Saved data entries

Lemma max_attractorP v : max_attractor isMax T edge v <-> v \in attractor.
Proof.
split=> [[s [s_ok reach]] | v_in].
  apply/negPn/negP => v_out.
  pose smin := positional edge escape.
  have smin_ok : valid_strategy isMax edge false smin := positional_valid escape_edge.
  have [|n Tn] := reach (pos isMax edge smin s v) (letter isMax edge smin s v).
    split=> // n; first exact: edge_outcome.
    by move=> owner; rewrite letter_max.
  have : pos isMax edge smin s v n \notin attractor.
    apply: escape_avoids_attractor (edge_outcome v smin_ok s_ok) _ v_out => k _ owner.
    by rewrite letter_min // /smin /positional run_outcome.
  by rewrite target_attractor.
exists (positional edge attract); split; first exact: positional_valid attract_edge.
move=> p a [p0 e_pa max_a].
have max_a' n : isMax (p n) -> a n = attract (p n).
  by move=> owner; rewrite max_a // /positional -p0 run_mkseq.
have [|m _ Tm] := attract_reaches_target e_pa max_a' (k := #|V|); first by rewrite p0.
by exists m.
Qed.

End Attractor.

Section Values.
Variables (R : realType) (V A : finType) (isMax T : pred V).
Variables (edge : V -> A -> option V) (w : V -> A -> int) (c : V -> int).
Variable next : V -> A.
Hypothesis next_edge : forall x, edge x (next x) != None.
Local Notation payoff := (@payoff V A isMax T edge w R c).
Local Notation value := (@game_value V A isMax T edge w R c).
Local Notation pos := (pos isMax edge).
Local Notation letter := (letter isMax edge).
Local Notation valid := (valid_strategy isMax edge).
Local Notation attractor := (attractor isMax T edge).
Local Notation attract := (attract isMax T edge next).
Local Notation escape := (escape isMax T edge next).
---
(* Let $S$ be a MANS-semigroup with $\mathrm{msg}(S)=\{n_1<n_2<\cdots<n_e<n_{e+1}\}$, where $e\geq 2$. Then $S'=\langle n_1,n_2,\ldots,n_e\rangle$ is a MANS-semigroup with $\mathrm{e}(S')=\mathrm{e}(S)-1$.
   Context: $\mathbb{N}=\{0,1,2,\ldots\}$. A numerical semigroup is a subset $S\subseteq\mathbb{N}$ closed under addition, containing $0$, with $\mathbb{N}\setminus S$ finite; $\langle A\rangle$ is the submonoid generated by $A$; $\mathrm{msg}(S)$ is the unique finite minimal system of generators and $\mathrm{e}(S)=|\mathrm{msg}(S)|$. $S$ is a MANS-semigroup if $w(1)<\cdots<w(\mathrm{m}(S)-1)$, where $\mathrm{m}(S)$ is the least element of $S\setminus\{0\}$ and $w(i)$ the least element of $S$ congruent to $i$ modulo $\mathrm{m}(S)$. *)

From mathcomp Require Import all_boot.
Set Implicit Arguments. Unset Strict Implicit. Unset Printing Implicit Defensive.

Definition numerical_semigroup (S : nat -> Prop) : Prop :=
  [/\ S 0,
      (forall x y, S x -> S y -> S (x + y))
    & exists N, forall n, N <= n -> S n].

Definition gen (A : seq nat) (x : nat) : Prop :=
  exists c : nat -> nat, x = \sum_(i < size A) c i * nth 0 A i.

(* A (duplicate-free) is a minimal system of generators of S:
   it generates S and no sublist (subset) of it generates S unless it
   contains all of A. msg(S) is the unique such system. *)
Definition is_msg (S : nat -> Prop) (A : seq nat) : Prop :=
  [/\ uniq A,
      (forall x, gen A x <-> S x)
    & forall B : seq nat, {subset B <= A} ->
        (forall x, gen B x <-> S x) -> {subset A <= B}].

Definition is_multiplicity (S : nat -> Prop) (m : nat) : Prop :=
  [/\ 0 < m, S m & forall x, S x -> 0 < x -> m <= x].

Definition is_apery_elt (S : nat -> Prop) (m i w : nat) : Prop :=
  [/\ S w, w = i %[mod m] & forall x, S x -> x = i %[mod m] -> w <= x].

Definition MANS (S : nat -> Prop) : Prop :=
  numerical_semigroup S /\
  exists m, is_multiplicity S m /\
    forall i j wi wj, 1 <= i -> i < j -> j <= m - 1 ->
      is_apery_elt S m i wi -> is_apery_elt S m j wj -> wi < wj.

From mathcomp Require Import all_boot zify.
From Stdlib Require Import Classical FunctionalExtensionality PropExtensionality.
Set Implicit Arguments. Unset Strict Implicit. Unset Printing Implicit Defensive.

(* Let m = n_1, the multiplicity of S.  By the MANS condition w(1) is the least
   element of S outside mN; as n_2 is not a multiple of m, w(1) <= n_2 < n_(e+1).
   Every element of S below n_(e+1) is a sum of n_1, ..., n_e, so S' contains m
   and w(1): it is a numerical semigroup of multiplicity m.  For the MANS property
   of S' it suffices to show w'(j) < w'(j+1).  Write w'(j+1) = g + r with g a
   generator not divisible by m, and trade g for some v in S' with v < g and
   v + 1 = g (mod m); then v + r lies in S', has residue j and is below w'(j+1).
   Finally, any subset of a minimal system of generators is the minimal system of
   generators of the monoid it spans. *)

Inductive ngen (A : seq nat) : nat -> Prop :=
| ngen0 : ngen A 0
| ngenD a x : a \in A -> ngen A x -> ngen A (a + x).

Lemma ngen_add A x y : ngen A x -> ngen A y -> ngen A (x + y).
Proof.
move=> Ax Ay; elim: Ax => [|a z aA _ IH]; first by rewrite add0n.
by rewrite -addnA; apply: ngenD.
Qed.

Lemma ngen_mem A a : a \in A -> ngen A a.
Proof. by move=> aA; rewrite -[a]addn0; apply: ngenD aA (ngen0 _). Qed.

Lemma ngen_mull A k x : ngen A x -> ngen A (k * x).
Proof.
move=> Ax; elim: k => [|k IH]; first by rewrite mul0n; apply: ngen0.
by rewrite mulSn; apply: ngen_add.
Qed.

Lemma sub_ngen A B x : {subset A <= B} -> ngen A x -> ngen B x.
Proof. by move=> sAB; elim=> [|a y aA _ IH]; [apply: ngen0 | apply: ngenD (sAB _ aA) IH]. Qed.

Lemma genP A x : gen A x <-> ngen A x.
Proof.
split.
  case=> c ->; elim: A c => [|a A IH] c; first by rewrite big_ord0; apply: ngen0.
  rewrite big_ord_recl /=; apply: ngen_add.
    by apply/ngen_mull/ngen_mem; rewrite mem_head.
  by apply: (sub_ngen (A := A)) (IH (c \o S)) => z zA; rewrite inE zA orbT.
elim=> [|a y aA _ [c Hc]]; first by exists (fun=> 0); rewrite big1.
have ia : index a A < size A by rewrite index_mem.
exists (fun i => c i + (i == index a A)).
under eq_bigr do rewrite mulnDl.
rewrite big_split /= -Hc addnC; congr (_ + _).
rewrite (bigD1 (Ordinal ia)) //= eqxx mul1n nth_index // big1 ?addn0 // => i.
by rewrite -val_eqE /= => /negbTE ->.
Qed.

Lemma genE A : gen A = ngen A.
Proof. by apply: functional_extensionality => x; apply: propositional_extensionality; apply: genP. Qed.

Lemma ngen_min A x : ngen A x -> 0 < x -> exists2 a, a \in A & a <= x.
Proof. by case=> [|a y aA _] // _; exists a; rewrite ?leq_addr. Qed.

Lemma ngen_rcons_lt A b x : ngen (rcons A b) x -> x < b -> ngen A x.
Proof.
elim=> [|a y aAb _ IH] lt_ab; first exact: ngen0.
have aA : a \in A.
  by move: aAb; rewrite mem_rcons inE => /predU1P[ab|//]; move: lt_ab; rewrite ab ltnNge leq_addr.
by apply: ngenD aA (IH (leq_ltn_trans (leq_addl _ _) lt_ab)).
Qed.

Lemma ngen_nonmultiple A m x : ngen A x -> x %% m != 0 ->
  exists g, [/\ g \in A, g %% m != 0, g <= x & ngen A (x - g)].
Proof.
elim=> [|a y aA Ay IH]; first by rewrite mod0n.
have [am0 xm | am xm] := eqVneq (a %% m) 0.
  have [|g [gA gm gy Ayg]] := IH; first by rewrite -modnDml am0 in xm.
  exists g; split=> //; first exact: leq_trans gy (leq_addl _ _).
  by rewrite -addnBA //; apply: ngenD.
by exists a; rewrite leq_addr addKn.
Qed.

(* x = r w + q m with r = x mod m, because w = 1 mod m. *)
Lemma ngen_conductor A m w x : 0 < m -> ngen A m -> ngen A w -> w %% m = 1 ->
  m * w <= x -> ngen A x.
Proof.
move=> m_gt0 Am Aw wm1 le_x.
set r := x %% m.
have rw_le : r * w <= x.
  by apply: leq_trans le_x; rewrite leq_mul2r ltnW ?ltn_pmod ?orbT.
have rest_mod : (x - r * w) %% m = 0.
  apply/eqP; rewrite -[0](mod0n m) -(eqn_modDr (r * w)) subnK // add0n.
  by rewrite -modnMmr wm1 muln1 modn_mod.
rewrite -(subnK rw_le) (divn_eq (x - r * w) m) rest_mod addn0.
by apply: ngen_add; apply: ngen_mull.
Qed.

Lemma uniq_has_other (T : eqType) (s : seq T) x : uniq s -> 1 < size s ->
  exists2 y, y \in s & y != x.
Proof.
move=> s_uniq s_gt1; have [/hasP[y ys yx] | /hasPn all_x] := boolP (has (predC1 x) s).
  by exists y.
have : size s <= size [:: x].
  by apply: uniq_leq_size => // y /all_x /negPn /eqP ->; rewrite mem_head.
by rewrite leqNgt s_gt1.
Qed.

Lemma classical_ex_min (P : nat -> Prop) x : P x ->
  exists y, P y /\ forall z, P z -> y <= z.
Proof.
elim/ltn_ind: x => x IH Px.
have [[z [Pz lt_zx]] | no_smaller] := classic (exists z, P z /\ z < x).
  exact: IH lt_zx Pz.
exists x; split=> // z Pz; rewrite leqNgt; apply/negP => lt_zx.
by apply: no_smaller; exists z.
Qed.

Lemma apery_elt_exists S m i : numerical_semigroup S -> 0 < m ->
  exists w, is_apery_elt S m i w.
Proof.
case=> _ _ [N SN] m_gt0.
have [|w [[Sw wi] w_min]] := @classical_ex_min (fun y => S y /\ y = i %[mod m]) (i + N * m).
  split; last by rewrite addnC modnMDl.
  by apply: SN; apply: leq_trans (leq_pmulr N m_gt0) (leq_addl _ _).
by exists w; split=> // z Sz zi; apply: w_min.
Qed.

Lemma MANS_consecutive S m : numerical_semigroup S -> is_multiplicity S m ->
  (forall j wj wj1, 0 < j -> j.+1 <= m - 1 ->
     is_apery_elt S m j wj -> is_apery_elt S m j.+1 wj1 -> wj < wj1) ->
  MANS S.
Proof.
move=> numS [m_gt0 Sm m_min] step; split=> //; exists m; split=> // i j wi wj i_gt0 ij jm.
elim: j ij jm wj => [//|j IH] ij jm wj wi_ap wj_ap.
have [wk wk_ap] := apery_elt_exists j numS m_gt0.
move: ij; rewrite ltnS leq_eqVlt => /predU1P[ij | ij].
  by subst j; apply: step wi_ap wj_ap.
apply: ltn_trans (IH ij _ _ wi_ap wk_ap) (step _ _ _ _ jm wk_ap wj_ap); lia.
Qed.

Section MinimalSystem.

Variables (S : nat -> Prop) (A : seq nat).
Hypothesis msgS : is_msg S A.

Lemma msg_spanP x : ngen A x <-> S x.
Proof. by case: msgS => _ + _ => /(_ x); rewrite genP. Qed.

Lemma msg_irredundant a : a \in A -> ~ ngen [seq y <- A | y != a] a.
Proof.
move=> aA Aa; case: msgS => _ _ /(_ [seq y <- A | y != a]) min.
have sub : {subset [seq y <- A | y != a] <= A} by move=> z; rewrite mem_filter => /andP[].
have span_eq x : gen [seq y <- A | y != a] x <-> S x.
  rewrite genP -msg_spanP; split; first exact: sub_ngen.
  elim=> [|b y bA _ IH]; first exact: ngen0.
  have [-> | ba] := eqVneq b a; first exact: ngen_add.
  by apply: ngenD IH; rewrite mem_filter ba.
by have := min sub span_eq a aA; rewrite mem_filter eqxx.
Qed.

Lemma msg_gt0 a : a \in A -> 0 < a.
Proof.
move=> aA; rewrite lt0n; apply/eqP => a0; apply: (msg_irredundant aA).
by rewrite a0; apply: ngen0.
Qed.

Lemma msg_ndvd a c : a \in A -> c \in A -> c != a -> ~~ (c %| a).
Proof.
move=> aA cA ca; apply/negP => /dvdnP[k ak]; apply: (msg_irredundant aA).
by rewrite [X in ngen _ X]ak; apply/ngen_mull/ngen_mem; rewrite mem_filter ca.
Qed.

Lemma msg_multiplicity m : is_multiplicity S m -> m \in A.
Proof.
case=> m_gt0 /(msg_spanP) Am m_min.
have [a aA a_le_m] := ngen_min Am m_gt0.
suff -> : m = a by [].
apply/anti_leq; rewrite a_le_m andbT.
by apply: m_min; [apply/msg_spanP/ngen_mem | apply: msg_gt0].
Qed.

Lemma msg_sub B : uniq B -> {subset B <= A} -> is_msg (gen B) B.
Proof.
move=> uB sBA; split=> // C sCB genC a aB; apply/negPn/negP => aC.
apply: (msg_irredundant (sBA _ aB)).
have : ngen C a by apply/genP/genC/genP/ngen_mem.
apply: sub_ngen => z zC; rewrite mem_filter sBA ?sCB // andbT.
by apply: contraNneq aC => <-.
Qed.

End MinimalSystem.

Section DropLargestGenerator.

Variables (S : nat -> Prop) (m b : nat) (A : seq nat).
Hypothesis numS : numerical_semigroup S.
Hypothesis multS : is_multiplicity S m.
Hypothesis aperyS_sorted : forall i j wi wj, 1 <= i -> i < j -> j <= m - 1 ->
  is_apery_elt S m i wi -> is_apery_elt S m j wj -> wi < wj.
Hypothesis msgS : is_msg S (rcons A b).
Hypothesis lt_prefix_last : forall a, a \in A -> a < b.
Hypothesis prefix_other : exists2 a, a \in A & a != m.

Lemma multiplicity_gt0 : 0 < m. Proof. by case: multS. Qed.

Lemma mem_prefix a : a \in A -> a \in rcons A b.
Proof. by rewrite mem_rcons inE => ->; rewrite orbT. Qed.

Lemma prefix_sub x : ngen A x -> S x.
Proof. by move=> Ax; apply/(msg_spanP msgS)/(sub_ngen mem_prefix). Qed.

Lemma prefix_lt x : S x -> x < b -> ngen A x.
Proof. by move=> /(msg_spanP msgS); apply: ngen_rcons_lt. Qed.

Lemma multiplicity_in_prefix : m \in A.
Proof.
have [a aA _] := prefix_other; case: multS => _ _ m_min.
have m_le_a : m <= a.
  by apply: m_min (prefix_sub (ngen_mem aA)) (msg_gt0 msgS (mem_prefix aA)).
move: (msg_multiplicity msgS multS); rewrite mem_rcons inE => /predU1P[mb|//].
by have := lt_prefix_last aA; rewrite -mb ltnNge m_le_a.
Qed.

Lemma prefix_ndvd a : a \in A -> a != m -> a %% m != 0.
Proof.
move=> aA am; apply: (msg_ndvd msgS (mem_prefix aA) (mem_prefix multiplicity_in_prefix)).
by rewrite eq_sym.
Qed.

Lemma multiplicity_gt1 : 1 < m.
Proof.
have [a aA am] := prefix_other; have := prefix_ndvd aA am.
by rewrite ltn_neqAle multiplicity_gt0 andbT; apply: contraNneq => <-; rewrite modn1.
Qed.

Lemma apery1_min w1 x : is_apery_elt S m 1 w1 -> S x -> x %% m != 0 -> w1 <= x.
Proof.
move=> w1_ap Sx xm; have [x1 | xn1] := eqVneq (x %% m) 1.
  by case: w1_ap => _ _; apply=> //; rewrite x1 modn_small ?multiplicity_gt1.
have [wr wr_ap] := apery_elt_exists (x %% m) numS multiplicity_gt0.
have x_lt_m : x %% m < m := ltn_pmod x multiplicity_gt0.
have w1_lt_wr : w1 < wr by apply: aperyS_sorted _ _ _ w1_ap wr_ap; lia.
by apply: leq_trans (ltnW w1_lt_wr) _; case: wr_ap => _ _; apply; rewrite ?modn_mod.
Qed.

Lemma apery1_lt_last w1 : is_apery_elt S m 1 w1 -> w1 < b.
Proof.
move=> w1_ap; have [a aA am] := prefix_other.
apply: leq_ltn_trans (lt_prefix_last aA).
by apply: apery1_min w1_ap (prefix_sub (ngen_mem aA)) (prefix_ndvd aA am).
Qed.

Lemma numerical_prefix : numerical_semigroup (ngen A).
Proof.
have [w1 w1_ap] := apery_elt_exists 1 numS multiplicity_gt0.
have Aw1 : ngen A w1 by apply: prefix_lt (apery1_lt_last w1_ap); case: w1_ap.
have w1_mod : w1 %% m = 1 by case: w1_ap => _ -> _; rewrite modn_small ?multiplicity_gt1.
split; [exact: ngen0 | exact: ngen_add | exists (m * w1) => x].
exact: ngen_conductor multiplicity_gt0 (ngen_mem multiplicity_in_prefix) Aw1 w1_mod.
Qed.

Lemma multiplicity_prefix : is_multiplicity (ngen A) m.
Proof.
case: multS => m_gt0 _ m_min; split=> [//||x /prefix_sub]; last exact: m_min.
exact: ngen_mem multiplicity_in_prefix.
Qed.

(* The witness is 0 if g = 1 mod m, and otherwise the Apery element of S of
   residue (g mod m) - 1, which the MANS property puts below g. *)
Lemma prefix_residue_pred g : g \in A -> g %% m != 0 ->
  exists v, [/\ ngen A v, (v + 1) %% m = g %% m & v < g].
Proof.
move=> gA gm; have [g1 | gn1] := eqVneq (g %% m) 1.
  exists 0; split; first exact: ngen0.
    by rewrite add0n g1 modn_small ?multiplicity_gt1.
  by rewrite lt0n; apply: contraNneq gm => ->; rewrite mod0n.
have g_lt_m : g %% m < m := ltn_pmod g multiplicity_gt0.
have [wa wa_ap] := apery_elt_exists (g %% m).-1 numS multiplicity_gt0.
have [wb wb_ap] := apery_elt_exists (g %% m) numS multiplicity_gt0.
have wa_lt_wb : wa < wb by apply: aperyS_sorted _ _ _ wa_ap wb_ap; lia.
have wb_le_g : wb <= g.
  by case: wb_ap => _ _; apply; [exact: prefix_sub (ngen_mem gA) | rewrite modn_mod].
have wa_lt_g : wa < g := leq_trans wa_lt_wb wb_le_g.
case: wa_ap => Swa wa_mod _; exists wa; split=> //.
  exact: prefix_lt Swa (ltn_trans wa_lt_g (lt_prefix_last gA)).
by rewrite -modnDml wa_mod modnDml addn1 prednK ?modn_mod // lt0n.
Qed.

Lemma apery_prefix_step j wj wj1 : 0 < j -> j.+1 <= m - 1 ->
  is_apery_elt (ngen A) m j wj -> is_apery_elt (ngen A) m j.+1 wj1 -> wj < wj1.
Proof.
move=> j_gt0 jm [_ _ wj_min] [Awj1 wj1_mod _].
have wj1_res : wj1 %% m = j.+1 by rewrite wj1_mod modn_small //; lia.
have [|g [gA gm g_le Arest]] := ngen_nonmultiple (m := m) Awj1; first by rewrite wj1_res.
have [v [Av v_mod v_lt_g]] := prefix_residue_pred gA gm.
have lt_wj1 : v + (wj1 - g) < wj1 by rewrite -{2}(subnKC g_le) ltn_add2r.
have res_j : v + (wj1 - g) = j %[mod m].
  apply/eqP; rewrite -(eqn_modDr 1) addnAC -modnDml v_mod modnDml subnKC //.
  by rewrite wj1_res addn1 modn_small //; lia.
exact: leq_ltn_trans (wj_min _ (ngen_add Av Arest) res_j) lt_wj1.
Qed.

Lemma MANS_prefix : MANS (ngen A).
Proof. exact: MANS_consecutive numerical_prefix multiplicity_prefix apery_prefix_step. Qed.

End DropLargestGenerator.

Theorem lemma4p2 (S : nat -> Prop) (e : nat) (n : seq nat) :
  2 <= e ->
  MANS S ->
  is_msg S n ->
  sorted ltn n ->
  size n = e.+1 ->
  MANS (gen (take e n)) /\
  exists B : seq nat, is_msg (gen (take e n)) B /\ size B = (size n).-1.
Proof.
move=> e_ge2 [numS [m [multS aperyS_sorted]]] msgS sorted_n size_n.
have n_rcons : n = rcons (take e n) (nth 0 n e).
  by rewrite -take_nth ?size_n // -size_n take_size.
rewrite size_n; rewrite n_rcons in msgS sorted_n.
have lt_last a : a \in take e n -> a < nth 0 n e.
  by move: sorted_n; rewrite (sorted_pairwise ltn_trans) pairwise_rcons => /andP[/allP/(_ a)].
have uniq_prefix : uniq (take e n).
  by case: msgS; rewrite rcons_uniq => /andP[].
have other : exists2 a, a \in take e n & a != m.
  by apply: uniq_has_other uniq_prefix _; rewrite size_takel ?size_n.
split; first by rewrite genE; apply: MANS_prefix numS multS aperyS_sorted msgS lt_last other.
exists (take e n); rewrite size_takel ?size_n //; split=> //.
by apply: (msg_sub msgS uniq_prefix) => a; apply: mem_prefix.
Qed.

Directions for this task
All the lines that hold the word "mathcomp" must appear in the answer, copied from the records.

Task output
From mathcomp Require Import all_boot.
From mathcomp Require Import all_boot zify.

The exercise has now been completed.